Produce an exact copy of the line containing "(|l1 + l2| / 2) *)" and of every line after it in the material below, ending with the final line.

++++ PROVIDED ENTRIES ++++

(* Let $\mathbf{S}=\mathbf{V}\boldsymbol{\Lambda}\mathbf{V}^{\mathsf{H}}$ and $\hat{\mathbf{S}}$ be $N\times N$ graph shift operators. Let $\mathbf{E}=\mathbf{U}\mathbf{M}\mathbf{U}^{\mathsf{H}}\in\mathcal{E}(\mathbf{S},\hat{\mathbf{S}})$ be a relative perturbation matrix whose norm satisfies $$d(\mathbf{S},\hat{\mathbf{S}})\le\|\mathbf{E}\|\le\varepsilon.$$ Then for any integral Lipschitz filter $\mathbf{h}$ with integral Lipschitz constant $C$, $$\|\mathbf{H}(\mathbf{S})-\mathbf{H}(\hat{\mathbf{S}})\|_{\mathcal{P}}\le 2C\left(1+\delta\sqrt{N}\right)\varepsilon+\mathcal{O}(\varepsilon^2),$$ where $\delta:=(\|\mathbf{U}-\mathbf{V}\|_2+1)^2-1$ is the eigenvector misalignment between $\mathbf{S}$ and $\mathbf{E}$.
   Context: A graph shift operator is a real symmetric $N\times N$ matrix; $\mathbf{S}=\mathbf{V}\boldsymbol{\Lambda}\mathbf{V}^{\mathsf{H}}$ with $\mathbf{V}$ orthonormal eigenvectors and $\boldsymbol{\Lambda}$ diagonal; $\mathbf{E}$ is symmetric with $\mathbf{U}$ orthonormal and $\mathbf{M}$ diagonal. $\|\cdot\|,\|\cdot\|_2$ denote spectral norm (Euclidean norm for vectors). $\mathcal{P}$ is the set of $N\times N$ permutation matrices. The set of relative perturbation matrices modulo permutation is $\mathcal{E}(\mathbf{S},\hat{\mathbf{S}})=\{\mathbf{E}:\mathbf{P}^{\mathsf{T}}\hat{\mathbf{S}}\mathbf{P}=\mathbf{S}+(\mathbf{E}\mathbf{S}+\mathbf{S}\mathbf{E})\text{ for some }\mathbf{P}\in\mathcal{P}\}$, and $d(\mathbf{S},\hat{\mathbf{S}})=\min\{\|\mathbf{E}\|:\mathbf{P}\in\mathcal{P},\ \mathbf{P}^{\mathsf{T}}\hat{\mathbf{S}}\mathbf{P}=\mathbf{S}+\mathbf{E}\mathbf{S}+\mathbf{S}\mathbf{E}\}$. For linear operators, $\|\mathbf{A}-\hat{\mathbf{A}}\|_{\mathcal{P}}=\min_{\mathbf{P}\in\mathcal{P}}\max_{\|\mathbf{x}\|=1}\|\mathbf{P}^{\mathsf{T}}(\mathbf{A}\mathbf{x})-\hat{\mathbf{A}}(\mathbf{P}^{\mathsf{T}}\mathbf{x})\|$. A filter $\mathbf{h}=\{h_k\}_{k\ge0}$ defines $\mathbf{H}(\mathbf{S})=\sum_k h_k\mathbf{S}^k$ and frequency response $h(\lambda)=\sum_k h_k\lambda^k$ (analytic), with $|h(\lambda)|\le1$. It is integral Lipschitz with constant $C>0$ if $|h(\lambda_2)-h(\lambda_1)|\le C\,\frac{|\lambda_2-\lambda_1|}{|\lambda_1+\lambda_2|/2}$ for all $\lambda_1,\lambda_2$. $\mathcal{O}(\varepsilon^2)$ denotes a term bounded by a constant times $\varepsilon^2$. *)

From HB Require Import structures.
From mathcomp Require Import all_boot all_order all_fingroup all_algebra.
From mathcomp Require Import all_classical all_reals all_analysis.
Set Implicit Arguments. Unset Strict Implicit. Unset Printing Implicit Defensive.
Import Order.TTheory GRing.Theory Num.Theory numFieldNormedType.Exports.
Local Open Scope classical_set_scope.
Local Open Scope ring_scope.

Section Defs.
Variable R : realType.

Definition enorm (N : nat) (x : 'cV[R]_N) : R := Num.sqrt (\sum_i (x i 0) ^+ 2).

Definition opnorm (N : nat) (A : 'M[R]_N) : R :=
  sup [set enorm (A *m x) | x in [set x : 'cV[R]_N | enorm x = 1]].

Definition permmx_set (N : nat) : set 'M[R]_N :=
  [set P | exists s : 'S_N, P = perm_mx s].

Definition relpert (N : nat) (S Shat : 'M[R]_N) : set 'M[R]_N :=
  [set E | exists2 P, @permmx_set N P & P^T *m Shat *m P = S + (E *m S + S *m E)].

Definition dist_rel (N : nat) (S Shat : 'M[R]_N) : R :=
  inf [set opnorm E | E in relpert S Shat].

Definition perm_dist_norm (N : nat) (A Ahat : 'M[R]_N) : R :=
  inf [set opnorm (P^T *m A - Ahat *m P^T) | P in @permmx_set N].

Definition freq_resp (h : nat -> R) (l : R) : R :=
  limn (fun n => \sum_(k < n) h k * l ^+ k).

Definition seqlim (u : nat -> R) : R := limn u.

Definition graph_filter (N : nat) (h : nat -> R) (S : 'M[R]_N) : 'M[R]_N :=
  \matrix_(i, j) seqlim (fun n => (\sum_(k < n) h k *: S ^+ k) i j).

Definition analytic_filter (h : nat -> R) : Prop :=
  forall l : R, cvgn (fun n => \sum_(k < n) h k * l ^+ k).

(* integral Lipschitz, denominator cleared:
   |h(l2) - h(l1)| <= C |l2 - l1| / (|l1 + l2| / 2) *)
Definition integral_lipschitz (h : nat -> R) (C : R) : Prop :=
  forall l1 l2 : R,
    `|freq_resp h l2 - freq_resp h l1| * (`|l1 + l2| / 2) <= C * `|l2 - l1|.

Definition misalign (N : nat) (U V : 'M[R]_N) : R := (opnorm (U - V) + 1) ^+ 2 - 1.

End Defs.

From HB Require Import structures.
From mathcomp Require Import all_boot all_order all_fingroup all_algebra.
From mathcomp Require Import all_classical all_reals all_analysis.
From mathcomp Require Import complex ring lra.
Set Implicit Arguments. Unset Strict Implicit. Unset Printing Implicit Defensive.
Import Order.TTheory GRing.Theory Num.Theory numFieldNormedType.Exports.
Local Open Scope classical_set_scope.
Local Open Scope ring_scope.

++++

- **EXERCISE RESPONSE**
   |h(l2) - h(l1)| <= C |l2 - l1| / (|l1 + l2| / 2) *)
Definition integral_lipschitz (h : nat -> R) (C : R) : Prop :=
  forall l1 l2 : R,
    `|freq_resp h l2 - freq_resp h l1| * (`|l1 + l2| / 2) <= C * `|l2 - l1|.

Definition misalign (N : nat) (U V : 'M[R]_N) : R := (opnorm (U - V) + 1) ^+ 2 - 1.

End Defs.

From HB Require Import structures.
From mathcomp Require Import all_boot all_order all_fingroup all_algebra.
From mathcomp Require Import all_classical all_reals all_analysis.
From mathcomp Require Import complex ring lra.
Set Implicit Arguments. Unset Strict Implicit. Unset Printing Implicit Defensive.
Import Order.TTheory GRing.Theory Num.Theory numFieldNormedType.Exports.
Local Open Scope classical_set_scope.
Local Open Scope ring_scope.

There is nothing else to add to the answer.